About this exercise ::
What lines of the data below hold "else"? Show them.
########
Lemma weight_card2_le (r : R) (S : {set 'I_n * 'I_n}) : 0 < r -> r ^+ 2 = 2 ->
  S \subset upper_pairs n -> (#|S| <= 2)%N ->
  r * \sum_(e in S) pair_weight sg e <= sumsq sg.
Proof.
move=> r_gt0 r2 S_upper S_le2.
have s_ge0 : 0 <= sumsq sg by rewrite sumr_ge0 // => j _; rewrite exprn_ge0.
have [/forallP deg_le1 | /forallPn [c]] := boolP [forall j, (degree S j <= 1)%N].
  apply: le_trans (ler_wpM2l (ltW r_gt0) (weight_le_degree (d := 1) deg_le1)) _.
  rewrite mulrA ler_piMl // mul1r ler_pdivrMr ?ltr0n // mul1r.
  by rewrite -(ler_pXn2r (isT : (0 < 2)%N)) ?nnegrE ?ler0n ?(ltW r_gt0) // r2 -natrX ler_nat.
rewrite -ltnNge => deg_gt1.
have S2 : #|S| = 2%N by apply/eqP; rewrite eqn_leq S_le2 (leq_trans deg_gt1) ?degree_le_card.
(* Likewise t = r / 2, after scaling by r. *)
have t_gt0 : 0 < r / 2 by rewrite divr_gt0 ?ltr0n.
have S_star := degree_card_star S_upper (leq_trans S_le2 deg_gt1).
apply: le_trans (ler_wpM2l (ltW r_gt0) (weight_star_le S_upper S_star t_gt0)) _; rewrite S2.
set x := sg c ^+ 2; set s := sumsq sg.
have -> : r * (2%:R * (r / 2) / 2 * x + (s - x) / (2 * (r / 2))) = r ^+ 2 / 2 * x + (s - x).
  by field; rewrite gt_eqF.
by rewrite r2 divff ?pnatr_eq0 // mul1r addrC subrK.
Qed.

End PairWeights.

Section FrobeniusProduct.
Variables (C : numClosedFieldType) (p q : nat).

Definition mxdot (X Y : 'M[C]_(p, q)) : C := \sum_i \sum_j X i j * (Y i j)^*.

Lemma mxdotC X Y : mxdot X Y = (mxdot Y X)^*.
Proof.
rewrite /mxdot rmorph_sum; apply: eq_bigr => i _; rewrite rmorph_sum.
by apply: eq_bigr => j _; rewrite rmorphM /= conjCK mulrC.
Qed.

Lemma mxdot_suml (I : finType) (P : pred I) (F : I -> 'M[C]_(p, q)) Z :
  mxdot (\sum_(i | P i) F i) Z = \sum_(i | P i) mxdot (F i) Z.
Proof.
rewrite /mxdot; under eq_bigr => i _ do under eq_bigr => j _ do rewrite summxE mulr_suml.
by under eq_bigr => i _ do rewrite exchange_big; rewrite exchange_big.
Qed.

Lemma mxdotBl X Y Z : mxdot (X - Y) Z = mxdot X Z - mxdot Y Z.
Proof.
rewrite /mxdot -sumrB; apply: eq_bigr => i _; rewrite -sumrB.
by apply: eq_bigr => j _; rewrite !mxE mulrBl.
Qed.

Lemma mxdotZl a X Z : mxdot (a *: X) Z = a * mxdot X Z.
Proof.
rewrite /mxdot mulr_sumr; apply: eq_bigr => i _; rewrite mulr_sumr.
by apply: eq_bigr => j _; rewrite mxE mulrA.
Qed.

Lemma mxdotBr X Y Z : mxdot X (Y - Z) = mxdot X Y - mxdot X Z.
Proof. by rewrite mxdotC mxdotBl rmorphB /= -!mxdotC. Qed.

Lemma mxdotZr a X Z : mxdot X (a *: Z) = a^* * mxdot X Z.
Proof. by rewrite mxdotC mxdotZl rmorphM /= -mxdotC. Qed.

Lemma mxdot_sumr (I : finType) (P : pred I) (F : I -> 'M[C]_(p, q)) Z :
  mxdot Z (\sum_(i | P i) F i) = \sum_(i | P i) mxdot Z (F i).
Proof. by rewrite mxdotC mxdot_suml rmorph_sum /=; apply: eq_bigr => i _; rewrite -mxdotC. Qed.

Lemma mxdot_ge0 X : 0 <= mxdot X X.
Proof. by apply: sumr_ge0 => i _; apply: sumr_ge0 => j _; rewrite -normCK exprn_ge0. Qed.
########
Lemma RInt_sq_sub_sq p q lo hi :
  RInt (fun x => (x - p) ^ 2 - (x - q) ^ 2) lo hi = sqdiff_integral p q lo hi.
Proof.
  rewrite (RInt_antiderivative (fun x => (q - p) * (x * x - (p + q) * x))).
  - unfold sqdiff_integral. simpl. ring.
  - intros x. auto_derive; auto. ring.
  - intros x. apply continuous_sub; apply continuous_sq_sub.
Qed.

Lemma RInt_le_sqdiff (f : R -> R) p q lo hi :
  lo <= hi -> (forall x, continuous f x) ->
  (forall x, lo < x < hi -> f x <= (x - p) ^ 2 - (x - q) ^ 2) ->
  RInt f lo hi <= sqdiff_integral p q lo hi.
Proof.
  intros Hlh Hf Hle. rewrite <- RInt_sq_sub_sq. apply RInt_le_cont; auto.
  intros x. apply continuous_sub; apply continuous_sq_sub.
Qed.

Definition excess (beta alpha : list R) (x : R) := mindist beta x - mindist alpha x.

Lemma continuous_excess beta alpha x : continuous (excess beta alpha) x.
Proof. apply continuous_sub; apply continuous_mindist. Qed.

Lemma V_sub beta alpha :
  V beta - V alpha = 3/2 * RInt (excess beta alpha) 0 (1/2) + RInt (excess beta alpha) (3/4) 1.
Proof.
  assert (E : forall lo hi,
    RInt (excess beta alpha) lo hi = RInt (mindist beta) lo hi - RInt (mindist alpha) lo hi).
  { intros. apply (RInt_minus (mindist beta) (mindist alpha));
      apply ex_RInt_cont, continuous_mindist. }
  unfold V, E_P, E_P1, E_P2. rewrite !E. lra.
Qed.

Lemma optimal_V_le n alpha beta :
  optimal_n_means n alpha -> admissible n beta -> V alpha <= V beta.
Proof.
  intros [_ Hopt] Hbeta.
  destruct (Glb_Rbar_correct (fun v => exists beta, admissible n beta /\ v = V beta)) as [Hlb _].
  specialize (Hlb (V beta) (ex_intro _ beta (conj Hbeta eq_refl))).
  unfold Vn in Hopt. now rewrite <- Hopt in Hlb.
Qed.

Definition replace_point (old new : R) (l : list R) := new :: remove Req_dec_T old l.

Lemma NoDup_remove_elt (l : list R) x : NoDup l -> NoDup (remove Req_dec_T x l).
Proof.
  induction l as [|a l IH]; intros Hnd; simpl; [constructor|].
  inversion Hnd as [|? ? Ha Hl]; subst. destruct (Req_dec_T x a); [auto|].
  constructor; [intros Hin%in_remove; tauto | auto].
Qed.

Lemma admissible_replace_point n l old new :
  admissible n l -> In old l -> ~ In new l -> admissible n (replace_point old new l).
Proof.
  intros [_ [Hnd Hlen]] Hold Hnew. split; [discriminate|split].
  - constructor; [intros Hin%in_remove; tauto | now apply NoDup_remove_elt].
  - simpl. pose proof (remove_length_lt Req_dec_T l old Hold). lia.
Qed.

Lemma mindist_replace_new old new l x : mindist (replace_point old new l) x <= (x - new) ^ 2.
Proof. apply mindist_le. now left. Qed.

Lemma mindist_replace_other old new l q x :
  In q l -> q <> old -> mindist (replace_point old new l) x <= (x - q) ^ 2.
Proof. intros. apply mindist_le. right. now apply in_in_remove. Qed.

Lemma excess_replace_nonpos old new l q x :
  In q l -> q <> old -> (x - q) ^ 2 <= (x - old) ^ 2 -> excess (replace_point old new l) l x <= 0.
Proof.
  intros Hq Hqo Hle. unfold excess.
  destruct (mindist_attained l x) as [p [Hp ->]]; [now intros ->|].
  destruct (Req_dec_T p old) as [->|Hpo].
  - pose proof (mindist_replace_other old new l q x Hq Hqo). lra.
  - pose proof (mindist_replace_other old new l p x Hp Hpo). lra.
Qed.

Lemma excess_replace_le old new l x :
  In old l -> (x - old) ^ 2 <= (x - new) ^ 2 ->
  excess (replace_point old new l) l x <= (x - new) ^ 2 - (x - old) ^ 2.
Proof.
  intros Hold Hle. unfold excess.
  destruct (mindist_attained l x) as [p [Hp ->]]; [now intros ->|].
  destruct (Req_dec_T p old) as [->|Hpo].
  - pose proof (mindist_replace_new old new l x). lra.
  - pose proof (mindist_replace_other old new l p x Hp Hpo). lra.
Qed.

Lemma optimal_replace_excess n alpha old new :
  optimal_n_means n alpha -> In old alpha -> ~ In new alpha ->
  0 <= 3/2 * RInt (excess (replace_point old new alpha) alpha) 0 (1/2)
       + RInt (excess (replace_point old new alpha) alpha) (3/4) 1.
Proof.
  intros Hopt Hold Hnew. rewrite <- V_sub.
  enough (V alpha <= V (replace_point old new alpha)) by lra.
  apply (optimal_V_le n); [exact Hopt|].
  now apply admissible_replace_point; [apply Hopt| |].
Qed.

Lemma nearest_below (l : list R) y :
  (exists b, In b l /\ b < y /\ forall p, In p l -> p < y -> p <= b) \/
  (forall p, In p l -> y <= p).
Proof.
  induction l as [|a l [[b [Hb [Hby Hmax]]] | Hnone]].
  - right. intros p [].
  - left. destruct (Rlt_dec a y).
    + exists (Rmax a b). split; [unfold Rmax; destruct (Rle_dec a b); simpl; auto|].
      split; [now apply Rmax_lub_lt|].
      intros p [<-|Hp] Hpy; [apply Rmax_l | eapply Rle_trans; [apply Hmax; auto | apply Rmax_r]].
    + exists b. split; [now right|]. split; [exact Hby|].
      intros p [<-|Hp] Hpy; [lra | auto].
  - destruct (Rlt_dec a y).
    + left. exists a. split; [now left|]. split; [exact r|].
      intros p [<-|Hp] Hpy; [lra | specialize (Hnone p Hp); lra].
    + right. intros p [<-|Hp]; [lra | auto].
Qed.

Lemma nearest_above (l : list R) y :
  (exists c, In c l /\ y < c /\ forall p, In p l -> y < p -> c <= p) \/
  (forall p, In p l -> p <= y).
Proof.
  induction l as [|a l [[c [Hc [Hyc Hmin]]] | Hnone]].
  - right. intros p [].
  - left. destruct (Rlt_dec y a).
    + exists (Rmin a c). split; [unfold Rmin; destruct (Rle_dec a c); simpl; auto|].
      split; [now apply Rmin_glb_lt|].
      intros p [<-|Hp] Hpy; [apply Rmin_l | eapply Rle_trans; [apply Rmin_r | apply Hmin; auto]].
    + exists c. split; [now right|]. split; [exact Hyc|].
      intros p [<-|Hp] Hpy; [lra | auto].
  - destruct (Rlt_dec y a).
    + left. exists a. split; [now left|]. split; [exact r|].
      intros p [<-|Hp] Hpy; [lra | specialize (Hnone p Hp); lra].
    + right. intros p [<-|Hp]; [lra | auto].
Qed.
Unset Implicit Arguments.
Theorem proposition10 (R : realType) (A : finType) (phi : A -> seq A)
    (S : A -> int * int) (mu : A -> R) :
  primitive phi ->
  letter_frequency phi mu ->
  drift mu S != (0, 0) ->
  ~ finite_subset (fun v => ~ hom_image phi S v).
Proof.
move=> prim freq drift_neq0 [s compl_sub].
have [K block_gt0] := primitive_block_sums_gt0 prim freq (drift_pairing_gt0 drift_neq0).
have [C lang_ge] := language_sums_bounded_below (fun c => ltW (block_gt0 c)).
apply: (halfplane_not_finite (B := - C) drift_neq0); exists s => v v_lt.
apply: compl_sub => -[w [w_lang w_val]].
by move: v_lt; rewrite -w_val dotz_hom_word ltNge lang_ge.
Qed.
########
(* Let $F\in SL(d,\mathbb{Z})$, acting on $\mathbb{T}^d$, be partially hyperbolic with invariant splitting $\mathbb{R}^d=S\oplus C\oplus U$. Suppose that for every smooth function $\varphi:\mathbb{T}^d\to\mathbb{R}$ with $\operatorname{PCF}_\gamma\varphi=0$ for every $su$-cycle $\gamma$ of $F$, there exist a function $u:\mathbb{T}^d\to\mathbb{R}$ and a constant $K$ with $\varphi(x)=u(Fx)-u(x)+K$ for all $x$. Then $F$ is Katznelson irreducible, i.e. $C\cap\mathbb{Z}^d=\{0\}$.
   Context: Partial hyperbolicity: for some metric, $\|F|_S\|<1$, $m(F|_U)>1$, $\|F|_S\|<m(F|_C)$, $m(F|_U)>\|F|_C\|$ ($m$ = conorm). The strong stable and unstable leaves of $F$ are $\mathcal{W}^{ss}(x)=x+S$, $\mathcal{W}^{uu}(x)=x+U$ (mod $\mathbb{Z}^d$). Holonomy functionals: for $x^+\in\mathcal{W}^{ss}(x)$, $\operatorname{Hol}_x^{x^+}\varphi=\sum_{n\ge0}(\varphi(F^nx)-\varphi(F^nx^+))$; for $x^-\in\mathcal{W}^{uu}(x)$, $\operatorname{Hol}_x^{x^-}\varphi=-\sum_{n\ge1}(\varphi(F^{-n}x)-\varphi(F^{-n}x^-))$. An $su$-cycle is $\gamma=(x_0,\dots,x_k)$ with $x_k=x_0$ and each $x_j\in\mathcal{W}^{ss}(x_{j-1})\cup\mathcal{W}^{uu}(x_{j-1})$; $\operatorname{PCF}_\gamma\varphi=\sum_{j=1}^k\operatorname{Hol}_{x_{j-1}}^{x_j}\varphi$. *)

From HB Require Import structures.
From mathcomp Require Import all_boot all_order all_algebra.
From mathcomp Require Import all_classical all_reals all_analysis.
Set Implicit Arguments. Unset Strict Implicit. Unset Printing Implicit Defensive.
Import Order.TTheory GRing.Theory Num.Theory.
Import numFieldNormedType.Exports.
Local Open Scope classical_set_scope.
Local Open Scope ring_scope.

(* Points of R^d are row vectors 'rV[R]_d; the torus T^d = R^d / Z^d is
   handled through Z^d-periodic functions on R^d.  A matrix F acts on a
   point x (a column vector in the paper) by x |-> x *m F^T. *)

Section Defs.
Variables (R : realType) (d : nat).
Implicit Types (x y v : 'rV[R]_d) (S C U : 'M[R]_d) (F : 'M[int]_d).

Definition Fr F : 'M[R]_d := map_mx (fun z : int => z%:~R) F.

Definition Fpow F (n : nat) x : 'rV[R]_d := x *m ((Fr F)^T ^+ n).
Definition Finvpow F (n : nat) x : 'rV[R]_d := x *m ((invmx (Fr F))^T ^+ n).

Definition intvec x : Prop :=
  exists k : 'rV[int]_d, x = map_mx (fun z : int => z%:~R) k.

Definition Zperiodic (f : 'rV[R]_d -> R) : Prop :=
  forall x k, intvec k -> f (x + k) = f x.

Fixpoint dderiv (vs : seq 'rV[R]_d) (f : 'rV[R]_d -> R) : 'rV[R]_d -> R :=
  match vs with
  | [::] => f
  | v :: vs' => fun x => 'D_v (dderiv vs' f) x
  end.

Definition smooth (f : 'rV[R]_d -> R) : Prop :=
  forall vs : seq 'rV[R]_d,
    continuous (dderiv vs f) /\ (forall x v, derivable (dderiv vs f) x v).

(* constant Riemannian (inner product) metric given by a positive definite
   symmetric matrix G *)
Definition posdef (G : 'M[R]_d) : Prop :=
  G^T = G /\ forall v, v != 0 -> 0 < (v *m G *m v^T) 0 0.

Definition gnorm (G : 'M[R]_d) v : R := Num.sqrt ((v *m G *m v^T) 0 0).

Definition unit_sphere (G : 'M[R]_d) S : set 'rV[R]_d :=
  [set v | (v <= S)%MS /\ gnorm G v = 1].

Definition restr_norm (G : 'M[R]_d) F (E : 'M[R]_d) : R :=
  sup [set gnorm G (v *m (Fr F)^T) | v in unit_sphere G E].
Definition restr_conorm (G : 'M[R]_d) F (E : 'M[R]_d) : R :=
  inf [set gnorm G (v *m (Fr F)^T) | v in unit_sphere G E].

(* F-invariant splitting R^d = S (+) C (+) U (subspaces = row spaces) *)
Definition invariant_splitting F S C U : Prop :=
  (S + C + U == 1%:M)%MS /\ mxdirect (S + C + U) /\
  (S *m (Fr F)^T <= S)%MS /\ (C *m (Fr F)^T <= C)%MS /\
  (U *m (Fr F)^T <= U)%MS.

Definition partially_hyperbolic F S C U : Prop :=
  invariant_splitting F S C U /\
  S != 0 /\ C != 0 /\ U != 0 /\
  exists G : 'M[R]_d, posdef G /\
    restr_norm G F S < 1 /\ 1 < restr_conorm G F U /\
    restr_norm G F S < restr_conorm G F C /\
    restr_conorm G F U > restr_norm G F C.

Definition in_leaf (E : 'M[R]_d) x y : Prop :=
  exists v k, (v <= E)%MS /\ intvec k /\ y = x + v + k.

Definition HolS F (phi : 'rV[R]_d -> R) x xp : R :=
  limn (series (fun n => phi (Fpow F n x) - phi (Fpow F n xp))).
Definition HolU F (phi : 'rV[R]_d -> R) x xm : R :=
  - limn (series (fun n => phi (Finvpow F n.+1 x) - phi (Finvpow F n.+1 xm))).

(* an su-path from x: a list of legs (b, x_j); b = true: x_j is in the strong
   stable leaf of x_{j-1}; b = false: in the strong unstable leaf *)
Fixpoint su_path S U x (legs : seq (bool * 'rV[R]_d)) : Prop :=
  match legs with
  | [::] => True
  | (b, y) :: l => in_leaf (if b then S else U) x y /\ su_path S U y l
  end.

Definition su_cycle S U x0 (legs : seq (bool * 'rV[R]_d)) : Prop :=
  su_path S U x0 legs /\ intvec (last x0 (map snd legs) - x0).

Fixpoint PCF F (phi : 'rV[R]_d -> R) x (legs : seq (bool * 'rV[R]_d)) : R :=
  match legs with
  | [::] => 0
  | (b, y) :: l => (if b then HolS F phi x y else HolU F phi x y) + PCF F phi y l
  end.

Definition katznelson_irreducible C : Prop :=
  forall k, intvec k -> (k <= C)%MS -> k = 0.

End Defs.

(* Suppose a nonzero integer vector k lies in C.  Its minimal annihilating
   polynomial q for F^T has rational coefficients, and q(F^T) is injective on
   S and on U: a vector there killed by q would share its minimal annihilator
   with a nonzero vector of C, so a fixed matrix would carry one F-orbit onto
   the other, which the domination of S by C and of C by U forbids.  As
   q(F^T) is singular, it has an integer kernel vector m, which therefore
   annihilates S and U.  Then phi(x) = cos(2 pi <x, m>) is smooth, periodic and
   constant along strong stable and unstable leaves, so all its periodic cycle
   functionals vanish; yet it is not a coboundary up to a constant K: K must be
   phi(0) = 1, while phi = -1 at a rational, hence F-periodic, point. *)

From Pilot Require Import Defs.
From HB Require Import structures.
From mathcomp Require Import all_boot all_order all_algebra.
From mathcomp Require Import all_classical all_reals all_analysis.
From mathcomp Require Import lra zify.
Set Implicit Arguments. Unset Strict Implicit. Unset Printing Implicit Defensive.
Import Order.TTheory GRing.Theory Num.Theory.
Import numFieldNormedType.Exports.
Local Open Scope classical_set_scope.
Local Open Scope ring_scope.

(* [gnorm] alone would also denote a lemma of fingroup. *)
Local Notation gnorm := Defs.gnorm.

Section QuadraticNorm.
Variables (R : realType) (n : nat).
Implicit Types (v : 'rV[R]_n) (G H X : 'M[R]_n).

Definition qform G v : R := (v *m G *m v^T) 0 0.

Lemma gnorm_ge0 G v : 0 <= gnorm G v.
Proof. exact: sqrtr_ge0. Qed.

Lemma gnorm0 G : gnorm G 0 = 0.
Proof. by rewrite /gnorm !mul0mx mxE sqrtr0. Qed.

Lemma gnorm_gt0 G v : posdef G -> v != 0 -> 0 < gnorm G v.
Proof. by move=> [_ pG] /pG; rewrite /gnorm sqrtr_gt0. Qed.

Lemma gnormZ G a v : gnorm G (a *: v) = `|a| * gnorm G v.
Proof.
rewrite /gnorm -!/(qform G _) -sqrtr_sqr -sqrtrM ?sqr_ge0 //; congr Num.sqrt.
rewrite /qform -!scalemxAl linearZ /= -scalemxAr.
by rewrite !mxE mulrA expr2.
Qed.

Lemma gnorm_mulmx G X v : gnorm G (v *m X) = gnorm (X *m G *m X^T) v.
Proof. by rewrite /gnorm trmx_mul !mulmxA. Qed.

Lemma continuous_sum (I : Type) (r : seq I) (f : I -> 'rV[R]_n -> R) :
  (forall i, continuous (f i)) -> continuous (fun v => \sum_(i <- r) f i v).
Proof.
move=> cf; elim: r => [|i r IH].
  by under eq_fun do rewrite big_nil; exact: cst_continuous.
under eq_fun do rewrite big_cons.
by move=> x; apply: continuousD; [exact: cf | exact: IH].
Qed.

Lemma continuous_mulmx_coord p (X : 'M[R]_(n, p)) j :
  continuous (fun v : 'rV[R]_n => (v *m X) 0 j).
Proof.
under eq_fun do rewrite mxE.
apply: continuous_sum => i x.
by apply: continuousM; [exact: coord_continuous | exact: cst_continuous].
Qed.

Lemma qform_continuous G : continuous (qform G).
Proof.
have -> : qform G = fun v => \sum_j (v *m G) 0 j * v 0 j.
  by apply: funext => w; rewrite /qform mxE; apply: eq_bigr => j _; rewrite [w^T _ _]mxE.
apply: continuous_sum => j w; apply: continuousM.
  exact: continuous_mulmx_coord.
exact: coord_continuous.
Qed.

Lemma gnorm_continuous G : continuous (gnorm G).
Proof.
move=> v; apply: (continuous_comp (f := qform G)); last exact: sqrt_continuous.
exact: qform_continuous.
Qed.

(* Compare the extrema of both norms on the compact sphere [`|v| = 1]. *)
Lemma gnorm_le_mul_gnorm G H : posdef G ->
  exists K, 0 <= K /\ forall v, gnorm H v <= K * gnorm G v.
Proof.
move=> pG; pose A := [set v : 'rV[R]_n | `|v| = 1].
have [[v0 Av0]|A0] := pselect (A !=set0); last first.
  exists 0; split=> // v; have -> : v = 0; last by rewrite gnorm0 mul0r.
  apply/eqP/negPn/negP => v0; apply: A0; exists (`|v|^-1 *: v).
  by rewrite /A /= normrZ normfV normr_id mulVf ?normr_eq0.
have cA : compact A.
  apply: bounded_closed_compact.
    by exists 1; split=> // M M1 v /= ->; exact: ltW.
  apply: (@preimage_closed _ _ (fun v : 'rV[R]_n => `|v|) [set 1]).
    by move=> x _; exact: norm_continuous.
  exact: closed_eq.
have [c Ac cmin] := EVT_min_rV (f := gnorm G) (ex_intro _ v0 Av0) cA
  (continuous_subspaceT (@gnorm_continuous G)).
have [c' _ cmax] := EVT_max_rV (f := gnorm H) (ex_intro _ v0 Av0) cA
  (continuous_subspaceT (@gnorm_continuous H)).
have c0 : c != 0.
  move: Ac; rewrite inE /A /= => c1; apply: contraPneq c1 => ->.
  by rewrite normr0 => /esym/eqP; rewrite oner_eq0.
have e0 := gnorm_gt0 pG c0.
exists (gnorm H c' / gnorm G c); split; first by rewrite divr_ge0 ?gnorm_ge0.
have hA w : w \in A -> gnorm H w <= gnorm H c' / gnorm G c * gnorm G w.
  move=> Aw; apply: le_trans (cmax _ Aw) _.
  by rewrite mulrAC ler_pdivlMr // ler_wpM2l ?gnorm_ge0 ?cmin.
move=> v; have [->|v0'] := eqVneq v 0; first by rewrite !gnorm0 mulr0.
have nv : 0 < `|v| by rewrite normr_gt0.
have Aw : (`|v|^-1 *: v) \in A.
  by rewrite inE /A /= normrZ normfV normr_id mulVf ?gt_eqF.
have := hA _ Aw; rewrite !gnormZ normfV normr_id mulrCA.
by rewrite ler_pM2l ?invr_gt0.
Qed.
########
Response to the task ::
  | (b, y) :: l => in_leaf (if b then S else U) x y /\ su_path S U y l
  | (b, y) :: l => (if b then HolS F phi x y else HolU F phi x y) + PCF F phi y l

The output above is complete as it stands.